Within the entries below, find each line containing the word "only" and copy it.

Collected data
*** Block opens ***

(* Let $p\geq2$, $n_1,\dots,n_l\geq1$ be integers with $\sum_j p^{-n_j}=1$ and let $T_p$ be the map satisfying Condition 1 with slopes $\Lambda_j=p^{n_j}$. Let $U$ be a quantization of $T_p$ acting on $\mathcal H_\Bbbk\cong\mathbb C^{N_\Bbbk}$ with $N_\Bbbk=p^\Bbbk$ (with respect to the partition of $[0,1]$ into $p^\Bbbk$ equal intervals), and set $n_{\mathrm E}=\lfloor\log N_\Bbbk/\log\Lambda_{\max}\rfloor$, $\Lambda_{\max}=\max_j\Lambda_j$. Then for every base-$p$ cylinder $[\![\mathrm x]\!]$ of length $|\mathrm x|=m$, $$U^{-n}P_{[\![\mathrm x]\!]}U^n=P_{T_p^{-n}[\![\mathrm x]\!]}\qquad\text{for all } n \text{ with } n+m\leq n_{\mathrm E}.$$
   Context: Condition 1: $[0,1]$ is divided into consecutive intervals $I_1,\dots,I_l$ with $|I_j|=\Lambda_j^{-1}$, and $T_p$ is affine with slope $\Lambda_j$ on $I_j$ mapping $I_j$ onto $[0,1]$ (so $T_p(x)=p^{n_j}x\bmod 1$ on $I_j$). For a word $\mathrm x=\mathrm x_1\dots\mathrm x_m$ over $\{0,\dots,p-1\}$, $[\![\mathrm x]\!]$ is the interval of points whose first $m$ base-$p$ digits are $\mathrm x_1,\dots,\mathrm x_m$. Let $E_i=[(i-1)p^{-\Bbbk},ip^{-\Bbbk}]$; with $B(i,j)=|E_i\cap T_p^{-1}E_j|/|E_i|$, a quantization is a unitary matrix $U$ with $B(j,i)=|U(i,j)|^2$ for all $i,j$. For a finite union $Y$ of intervals $E_i$, $P_Y$ is the diagonal matrix with entry $1$ at $i$ if $E_i\subseteq Y$ and $0$ otherwise (i.e. $P_Y=\mathrm{Op}(\chi_Y)$, the diagonal matrix of averages of $\chi_Y$ over the $E_i$). *)

From HB Require Import structures.
From mathcomp Require Import all_boot all_order all_algebra.
From mathcomp Require Import all_classical all_reals all_analysis.
From mathcomp Require Import complex.
Set Implicit Arguments. Unset Strict Implicit. Unset Printing Implicit Defensive.
Import Order.TTheory GRing.Theory Num.Theory.
Local Open Scope classical_set_scope.
Local Open Scope ring_scope.
Local Open Scope complex_scope.

Section Defs.
Variable R : realType.

Definition lenR (A : set R) : R := fine (lebesgue_measure A).

(* left endpoint a_j of the j-th interval I_j = [a_j, a_j + p^{-n_j}] *)
Definition branch_start (p l : nat) (ns : 'I_l -> nat) (j : 'I_l) : R :=
  \sum_(i < l | (i < j)%N) (p%:R ^- ns i).

(* Condition 1: T is affine with slope p^{n_j} mapping I_j onto [0,1]
   (prescribed on the interior of each I_j; endpoints form a null set) *)
Definition condition1 (p l : nat) (ns : 'I_l -> nat) (T : R -> R) : Prop :=
  forall (j : 'I_l) (x : R),
    branch_start p ns j < x < branch_start p ns j + p%:R ^- ns j ->
    T x = p%:R ^+ ns j * (x - branch_start p ns j).

(* E_i, 0-indexed: E_i = [i p^{-k}, (i+1) p^{-k}] for i < p^k *)
Definition Ecell (p k : nat) (i : 'I_(p ^ k)) : set R :=
  `[ (i%:R / p%:R ^+ k), ((i.+1)%:R / p%:R ^+ k) ]%classic.

Definition Bmat (p k : nat) (T : R -> R) (i j : 'I_(p ^ k)) : R :=
  lenR (Ecell i `&` T @^-1` Ecell j) / lenR (Ecell i).

Definition unitary_mx (N : nat) (U : 'M[R[i]]_N) : Prop :=
  U *m (map_mx conjc U)^T = 1%:M.

Definition is_quantization (p k : nat) (T : R -> R) (U : 'M[R[i]]_(p ^ k)) : Prop :=
  unitary_mx U /\
  forall i j : 'I_(p ^ k), (Bmat T j i)%:C = `|U i j| ^+ 2.

(* base-p cylinder [[x]]: points whose first m = size x base-p digits are x *)
Definition cylinder (p : nat) (x : seq 'I_p) : set R :=
  let c : R := \sum_(i < size x) (nth 0%N [seq val d | d <- x] i)%:R * p%:R ^- i.+1 in
  `[ c, (c + p%:R ^- size x) [%classic.

(* P_Y = Op(chi_Y): diagonal matrix of the averages of chi_Y over the E_i *)
Definition Pop (p k : nat) (Y : set R) : 'M[R[i]]_(p ^ k) :=
  diag_mx (\row_i ((lenR (Ecell i `&` Y) / lenR (Ecell i))%:C)).

Definition nE (p k l : nat) (ns : 'I_l -> nat) : int :=
  Num.floor (ln ((p ^ k)%:R : R) / ln ((\max_(j < l) p ^ ns j)%:R)).

End Defs.

Arguments condition1 {R} p {l} ns T.
Arguments is_quantization {R} p k T U.
Arguments Pop {R} p k Y.
Arguments cylinder {R} p x.
Arguments nE R p k {l} ns.

(* A set [Y] is cell-invariant of level [q] if, off a finite exceptional set,
   membership in [Y] only depends on the first [q] base-[p] digits.  A cylinder
   of length [m] is cell-invariant of level [m], and since each branch of [T] is
   affine of slope [p^(n_j)] <= [p^M] and starts at a point with at most [M]
   digits, [T @^-1` Y] is cell-invariant of level [q + M].  When [q + M <= k],
   both [Y] and [T @^-1` Y] are unions of cells [E_i] up to null sets, and
   [U i j != 0] forces [E_j] and [T @^-1` E_i] to overlap in positive measure,
   so [E_i] lies in [Y] exactly when [E_j] lies in [T @^-1` Y]; unitarity of
   [U] then gives [U^* P_Y U = P_(T^-1 Y)].  Iterating [n] times needs
   [m + n M <= k], which is what [n + m <= n_E] provides. *)

From HB Require Import structures.
From mathcomp Require Import all_boot all_order all_algebra.
From mathcomp Require Import all_classical all_reals all_analysis.
From mathcomp Require Import complex.
Set Implicit Arguments. Unset Strict Implicit. Unset Printing Implicit Defensive.
Import Order.TTheory GRing.Theory Num.Theory.
Local Open Scope classical_set_scope.
Local Open Scope ring_scope.

Section LebesgueInterval.
Variable R : realType.
Implicit Types (a b : R) (F : seq R) (S : set R).

Lemma lebesgue_measure_seq0 F : lebesgue_measure [set` F] = 0%E.
Proof. exact/countable_lebesgue_measure0/finite_set_countable/finite_seq. Qed.

Lemma lebesgue_measure_itvI_null a b F S :
  (forall y, a < y < b -> y \notin F -> ~ S y) ->
  lebesgue_measure (`[a, b] `&` S) = 0%E.
Proof.
move=> notS; apply/le_anti; rewrite measure_ge0 andbT.
rewrite -(lebesgue_measure_seq0 [:: a, b & F]); apply: le_outer_measure.
move=> y [/=]; rewrite in_itv /= => /andP[ay yb] Sy; rewrite /= !in_cons.
apply/negPn/negP; rewrite !negb_or => /and3P[ya yb' yF].
by apply: (notS y _ yF Sy); rewrite !lt_def ay yb ya eq_sym yb'.
Qed.

Lemma lenR_itvI_witness a b S F : lenR (`[a, b] `&` S) != 0 ->
  exists y, [/\ a < y < b, y \notin F & S y].
Proof.
apply: contraNP => noy; rewrite /lenR (@lebesgue_measure_itvI_null a b F) //.
by move=> y aby yF Sy; apply: noy; exists y.
Qed.

Lemma lebesgue_measure_itv_le (x y : bool) a b : a <= b ->
  lebesgue_measure [set` Interval (BSide x a) (BSide y b)] = (b - a)%:E.
Proof.
rewrite le_eqVlt lebesgue_measure_itv /= lte_fin => /predU1P[->|->].
  by rewrite ltxx subrr.
by rewrite EFinB.
Qed.

Lemma lenR_itvI_const a b F S (P : Prop) : a <= b ->
  (forall y, a < y < b -> y \notin F -> (S y <-> P)) ->
  lenR (`[a, b] `&` S) = `[< P >]%:R * (b - a).
Proof.
move=> ab SP; case: (asboolP P) => HP; last first.
  rewrite mul0r /lenR (@lebesgue_measure_itvI_null a b F) //.
  by move=> y aby yF /(SP y aby yF).
rewrite mul1r /lenR; suff -> : lebesgue_measure (`[a, b] `&` S) = (b - a)%:E by [].
apply/le_anti/andP; split.
  rewrite -(@lebesgue_measure_itv_le true false a b ab).
  by apply: le_outer_measure; apply: subIsetl.
rewrite -(@lebesgue_measure_itv_le false true a b ab) -[leRHS]adde0.
rewrite -(lebesgue_measure_seq0 F); apply: le_trans (outer_measureU2 _ _ _).
apply: le_outer_measure => y /=; rewrite in_itv /= => /andP[ay yb].
have [yF|yF] := boolP (y \in F); [by right | left].
by split; [rewrite /= in_itv /= !ltW | apply/(SP y _ yF) => //; rewrite ay].
Qed.

End LebesgueInterval.

Section UnitaryConjugation.
Variables (R : realType) (N : nat) (U : 'M[R[i]]_N).
Hypothesis U_unitary : unitary_mx U.
Local Notation Ustar := ((map_mx conjc U)^T).

Lemma unitary_mxC : Ustar *m U = 1%:M.
Proof. exact: mulmx1C U_unitary. Qed.

Lemma invmx_unitaryX n : invmx (U ^+ n) = Ustar ^+ n.
Proof.
have UUstar : U ^+ n *m Ustar ^+ n = 1%:M.
  rewrite mulmxE -exprMn_comm; first by rewrite -mulmxE U_unitary expr1n.
  by rewrite /GRing.comm -!mulmxE U_unitary unitary_mxC.
have [Un_unit _] := mulmx1_unit UUstar.
by rewrite -[RHS]mul1mx -(mulVmx Un_unit) -mulmxA UUstar mulmx1.
Qed.

Lemma unitary_conj_diag_mx (v w : 'I_N -> R[i]) :
  (forall i j, U i j != 0 -> v i = w j) ->
  Ustar *m diag_mx (\row_i v i) *m U = diag_mx (\row_i w i).
Proof.
move=> vw; apply/matrixP => a b; rewrite mul_mx_diag !mxE.
transitivity (\sum_i Ustar a i * U i b * w b).
  apply: eq_bigr => i _; rewrite !mxE.
  have [->|Uib] := eqVneq (U i b) 0; first by rewrite !mulr0 mul0r.
  by rewrite (vw _ _ Uib) mulrAC.
rewrite -mulr_suml; have := congr1 (fun A : 'M[R[i]]_N => A a b) unitary_mxC.
by rewrite !mxE => ->; case: eqVneq => [->|]; rewrite ?mulr1n ?mulr0n ?mul1r ?mul0r.
Qed.

End UnitaryConjugation.

Section PadicCells.
Variables (R : realType) (p : nat).
Hypothesis p_gt1 : (1 < p)%N.
Local Notation P := (p%:R : R).

Lemma natp_gt0 : 0 < P.
Proof. by rewrite ltr0n ltnW. Qed.

Lemma natpX_gt0 q : 0 < P ^+ q.
Proof. exact/exprn_gt0/natp_gt0. Qed.

Definition in_cell (q c : nat) (z : R) := c%:R <= z * P ^+ q < c.+1%:R.

Lemma in_cell_ge0 q c z : in_cell q c z -> 0 <= z.
Proof.
by case/andP => + _; rewrite -(pmulr_lge0 _ (natpX_gt0 q)); apply: le_trans.
Qed.

Lemma in_cell_itv q c z : c%:R / P ^+ q < z < c.+1%:R / P ^+ q -> in_cell q c z.
Proof.
case/andP => h1 h2; rewrite /in_cell -ler_pdivrMr ?natpX_gt0 // ltW //=.
by rewrite -ltr_pdivlMr ?natpX_gt0.
Qed.

Lemma in_cell_coarsen q Q c z : (q <= Q)%N ->
  in_cell Q c z -> in_cell q (c %/ p ^ (Q - q)) z.
Proof.
move=> qQ; rewrite /in_cell; set d := (p ^ (Q - q))%N.
have d_gt0 : 0 < d%:R :> R by rewrite ltr0n expn_gt0 ltnW.
have -> : z * P ^+ Q = z * P ^+ q * d%:R by rewrite natrX -mulrA -exprD subnKC.
case/andP => h1 h2; apply/andP; split.
  rewrite -(ler_pM2r d_gt0); apply: le_trans h1; rewrite -natrM ler_nat.
  exact: leq_divM.
rewrite -(ltr_pM2r d_gt0); apply: lt_le_trans h2 _; rewrite -natrM ler_nat.
by rewrite ltn_ceil // expn_gt0 ltnW.
Qed.

Lemma in_cell_affine Q n c a (s z : R) : (n <= Q)%N -> s * P ^+ Q = a%:R ->
  s <= z -> in_cell Q c z -> in_cell (Q - n) (c - a) (P ^+ n * (z - s)).
Proof.
move=> nQ Ea sz /andP[cz zc]; rewrite /in_cell.
have -> : P ^+ n * (z - s) * P ^+ (Q - n) = z * P ^+ Q - a%:R.
  by rewrite mulrC mulrA -exprD subnK // mulrC mulrBl Ea.
have ac : (a <= c)%N.
  rewrite -ltnS -(ltr_nat R) -Ea; apply: le_lt_trans zc.
  by rewrite ler_pM2r ?natpX_gt0.
by rewrite natrB // -(subSn ac) natrB ?leqW // lerD2r ltrD2r cz zc.
Qed.

(* [z < 1]: the branches of [T] only cover [[0, 1)] *)
Definition cell_invariant (q : nat) (Y : set R) (F : seq R) :=
  forall c z w, in_cell q c z -> in_cell q c w -> z < 1 ->
    z \notin F -> w \notin F -> (Y z <-> Y w).

Lemma cell_invariantW q Y F G : {subset F <= G} ->
  cell_invariant q Y F -> cell_invariant q Y G.
Proof.
move=> FG Yinv c z w zc wc z1 zG wG.
by apply: (Yinv c) => //; [exact: contra (FG z) zG | exact: contra (FG w) wG].
Qed.

Lemma cell_width k (i : nat) : i.+1%:R / P ^+ k - i%:R / P ^+ k = (P ^+ k)^-1.
Proof. by rewrite -mulrBl -addn1 natrD addrAC subrr add0r mul1r. Qed.

Lemma cell_le k (i : nat) : i%:R / P ^+ k <= i.+1%:R / P ^+ k.
Proof. by rewrite ler_pM2r ?invr_gt0 ?natpX_gt0 // ler_nat. Qed.

Lemma Ecell_interior_lt1 k (i : 'I_(p ^ k)) z :
  i%:R / P ^+ k < z < i.+1%:R / P ^+ k -> z < 1.
Proof.
case/andP => _ /lt_le_trans; apply.
by rewrite ler_pdivrMr ?natpX_gt0 // mul1r -natrX ler_nat.
Qed.

Lemma lenR_Ecell k (i : 'I_(p ^ k)) : lenR (Ecell i) = (P ^+ k)^-1.
Proof.
by rewrite /lenR /Ecell (@lebesgue_measure_itv_le _ true false) ?cell_le // cell_width.
Qed.

Lemma lenR_EcellI_invariant q Y F k (i : 'I_(p ^ k)) z :
  cell_invariant q Y F -> (q <= k)%N ->
  i%:R / P ^+ k < z < i.+1%:R / P ^+ k -> z \notin F ->
  lenR (Ecell i `&` Y) = `[< Y z >]%:R / P ^+ k.
Proof.
move=> Yinv qk zi zF; rewrite (@lenR_itvI_const _ _ _ F _ (Y z)) ?cell_le ?cell_width //.
have cell_i u : i%:R / P ^+ k < u < i.+1%:R / P ^+ k ->
    in_cell q (i %/ p ^ (k - q)) u by move/in_cell_itv; apply: in_cell_coarsen.
move=> y yi yF; symmetry.
exact: (Yinv _ _ _ (cell_i z zi) (cell_i y yi) (Ecell_interior_lt1 zi)).
Qed.

Section Cylinders.
Variable x : seq 'I_p.

Definition cylinder_index : nat :=
  \sum_(i < size x) nth 0%N [seq val d | d <- x] i * p ^ (size x - i.+1).

Lemma in_cell_cylinder c z :
  in_cell (size x) c z -> (cylinder p x z <-> c = cylinder_index).
Proof.
set m := size x; have Pm := natpX_gt0 m.
set s : R := \sum_(i < m) (nth 0%N [seq val d | d <- x] i)%:R * P ^- i.+1.
have s_nat : s * P ^+ m = cylinder_index%:R.
  rewrite mulr_suml natr_sum; apply: eq_bigr => i _.
  rewrite natrM natrX -mulrA; congr (_ * _).
  rewrite -[in P ^+ m](subnK (ltn_ord i)) exprD mulrCA.
  by rewrite mulVf ?mulr1 // gt_eqF ?natpX_gt0.
move=> /andP[cz zc]; rewrite /cylinder /= in_itv /= -/m -/s.
rewrite -(ler_pM2r Pm) -(ltr_pM2r Pm) mulrDl mulVf ?gt_eqF // s_nat natr1.
split=> [/andP[sz zs]|<-]; last by rewrite cz zc.
apply/eqP; rewrite eqn_leq -ltnS -(ltr_nat R) (le_lt_trans cz zs) /=.
by rewrite -ltnS -(ltr_nat R) (le_lt_trans sz zc).
Qed.

Lemma cylinder_cell_invariant : cell_invariant (size x) (cylinder p x) [::].
Proof.
by move=> c z w zc wc _ _ _; rewrite (in_cell_cylinder zc) (in_cell_cylinder wc).
Qed.

End Cylinders.

Section Branches.
Variables (l : nat) (ns : 'I_l -> nat).

Definition bstart (t : nat) : R := \sum_(i < l | (i < t)%N) P ^- ns i.

Lemma bstart0 : bstart 0 = 0.
Proof. by rewrite /bstart big_pred0. Qed.

Lemma bstart_total : bstart l = \sum_(j < l) P ^- ns j.
Proof. by apply: eq_bigl => i; rewrite ltn_ord. Qed.

Lemma bstartS (j : 'I_l) : bstart j.+1 = bstart j + P ^- ns j.
Proof.
rewrite /bstart (bigD1 j) //= addrC; congr (_ + _).
by apply: eq_bigl => i; rewrite ltnS ltn_neqAle andbC.
Qed.

Lemma bstart_nat Q t : (forall i, ns i <= Q)%N ->
  bstart t * P ^+ Q = (\sum_(i < l | (i < t)%N) p ^ (Q - ns i))%N%:R.
Proof.
move=> nsQ; rewrite mulr_suml natr_sum; apply: eq_bigr => i _.
rewrite natrX -(subnK (nsQ i)) exprD mulrA mulrC mulrA subnK //.
by rewrite mulfV ?mul1r // gt_eqF ?natpX_gt0.
Qed.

*** Block closes ***

Exercise response →
   membership in [Y] only depends on the first [q] base-[p] digits.  A cylinder
(* [z < 1]: the branches of [T] only cover [[0, 1)] *)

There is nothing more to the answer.